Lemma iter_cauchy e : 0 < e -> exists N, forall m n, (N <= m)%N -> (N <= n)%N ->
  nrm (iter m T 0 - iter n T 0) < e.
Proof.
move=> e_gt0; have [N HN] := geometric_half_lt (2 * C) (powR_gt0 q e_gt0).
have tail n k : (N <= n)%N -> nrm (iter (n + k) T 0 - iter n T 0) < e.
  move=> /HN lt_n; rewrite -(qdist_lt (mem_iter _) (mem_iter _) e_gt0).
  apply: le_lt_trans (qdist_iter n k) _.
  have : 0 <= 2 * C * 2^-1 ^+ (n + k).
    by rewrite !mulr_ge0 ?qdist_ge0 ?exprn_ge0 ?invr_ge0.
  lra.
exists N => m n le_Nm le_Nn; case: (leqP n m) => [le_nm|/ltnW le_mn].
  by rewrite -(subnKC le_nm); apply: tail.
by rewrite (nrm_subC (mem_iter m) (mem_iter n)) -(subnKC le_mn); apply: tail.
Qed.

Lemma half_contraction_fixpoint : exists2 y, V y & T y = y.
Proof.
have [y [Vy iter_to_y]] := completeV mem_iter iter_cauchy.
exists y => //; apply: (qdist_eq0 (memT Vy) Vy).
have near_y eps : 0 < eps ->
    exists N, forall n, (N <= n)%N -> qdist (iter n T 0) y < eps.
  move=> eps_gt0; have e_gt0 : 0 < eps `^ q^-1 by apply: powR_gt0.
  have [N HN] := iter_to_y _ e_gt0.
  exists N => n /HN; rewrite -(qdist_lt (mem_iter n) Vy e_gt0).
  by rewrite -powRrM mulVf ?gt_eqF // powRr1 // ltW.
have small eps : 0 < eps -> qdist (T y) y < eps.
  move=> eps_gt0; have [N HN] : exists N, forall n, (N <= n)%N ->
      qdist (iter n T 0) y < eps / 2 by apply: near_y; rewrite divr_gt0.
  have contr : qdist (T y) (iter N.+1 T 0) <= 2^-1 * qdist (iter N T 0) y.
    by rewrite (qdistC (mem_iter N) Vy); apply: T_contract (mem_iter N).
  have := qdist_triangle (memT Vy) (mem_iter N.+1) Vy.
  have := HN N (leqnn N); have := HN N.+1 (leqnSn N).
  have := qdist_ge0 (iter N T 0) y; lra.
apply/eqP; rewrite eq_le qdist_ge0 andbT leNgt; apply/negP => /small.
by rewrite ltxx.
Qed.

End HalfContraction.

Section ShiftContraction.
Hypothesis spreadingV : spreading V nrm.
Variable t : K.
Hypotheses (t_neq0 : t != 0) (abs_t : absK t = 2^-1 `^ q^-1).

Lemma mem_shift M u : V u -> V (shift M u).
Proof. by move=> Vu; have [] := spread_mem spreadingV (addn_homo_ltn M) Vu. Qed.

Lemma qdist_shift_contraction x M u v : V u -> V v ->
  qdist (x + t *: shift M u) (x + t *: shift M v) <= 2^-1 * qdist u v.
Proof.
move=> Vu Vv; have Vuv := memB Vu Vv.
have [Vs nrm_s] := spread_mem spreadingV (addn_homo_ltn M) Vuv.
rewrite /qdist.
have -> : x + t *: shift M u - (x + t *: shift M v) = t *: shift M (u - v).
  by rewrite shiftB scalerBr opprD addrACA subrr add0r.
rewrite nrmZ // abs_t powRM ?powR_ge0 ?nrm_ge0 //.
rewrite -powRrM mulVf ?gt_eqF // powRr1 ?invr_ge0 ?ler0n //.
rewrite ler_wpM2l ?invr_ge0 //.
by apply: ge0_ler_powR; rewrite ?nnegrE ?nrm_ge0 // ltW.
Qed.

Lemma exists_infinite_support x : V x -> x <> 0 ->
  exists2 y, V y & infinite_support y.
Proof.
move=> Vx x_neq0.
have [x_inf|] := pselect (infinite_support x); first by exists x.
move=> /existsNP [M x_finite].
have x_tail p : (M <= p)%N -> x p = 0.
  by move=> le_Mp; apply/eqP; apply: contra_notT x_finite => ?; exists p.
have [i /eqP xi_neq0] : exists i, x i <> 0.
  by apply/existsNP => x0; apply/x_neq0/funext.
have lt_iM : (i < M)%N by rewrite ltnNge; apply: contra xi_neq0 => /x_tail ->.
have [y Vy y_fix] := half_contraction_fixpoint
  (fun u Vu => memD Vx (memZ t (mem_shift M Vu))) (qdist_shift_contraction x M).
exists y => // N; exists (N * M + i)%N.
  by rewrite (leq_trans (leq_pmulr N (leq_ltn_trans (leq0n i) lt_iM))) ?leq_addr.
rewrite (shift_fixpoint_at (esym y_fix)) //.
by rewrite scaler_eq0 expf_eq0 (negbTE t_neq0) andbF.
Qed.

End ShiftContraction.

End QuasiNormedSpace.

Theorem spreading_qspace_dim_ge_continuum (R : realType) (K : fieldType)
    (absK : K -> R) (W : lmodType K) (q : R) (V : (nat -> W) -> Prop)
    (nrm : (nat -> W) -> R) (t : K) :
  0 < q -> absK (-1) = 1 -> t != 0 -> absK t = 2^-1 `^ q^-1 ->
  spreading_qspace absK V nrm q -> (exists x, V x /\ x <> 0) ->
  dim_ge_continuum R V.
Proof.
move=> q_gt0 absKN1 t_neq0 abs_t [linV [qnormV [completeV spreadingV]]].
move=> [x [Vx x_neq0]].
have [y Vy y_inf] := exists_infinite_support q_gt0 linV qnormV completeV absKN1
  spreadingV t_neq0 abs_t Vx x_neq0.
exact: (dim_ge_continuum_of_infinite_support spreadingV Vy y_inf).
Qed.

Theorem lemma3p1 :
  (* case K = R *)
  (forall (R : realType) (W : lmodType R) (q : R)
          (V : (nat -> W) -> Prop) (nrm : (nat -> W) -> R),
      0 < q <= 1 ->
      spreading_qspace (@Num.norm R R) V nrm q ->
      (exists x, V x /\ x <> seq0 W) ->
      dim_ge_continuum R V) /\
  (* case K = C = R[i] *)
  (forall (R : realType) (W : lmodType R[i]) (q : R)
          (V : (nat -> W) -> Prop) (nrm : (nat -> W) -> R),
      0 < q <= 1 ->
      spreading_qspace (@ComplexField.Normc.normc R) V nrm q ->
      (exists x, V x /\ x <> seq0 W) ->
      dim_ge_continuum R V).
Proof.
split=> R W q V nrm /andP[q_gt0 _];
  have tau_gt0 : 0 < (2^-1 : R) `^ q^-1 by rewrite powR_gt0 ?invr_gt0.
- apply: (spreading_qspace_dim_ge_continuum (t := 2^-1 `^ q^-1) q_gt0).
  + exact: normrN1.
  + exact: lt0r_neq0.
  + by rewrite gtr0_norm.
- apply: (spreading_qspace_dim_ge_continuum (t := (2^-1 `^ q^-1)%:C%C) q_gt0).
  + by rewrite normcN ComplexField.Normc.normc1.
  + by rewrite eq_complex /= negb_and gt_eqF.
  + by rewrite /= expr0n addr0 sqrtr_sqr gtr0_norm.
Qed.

-- -- --

YOUR OBJECTIVE: All that belongs in the answer is the run of lines above from the line containing "move=> e_gt0; have" through the line containing "have near_y eps : 0 < eps ->", exactly as written.

SOLVED EXERCISE:
move=> e_gt0; have [N HN] := geometric_half_lt (2 * C) (powR_gt0 q e_gt0).
have tail n k : (N <= n)%N -> nrm (iter (n + k) T 0 - iter n T 0) < e.
  move=> /HN lt_n; rewrite -(qdist_lt (mem_iter _) (mem_iter _) e_gt0).
  apply: le_lt_trans (qdist_iter n k) _.
  have : 0 <= 2 * C * 2^-1 ^+ (n + k).
    by rewrite !mulr_ge0 ?qdist_ge0 ?exprn_ge0 ?invr_ge0.
  lra.
exists N => m n le_Nm le_Nn; case: (leqP n m) => [le_nm|/ltnW le_mn].
  by rewrite -(subnKC le_nm); apply: tail.
by rewrite (nrm_subC (mem_iter m) (mem_iter n)) -(subnKC le_mn); apply: tail.
Qed.

Lemma half_contraction_fixpoint : exists2 y, V y & T y = y.
Proof.
have [y [Vy iter_to_y]] := completeV mem_iter iter_cauchy.
exists y => //; apply: (qdist_eq0 (memT Vy) Vy).
have near_y eps : 0 < eps ->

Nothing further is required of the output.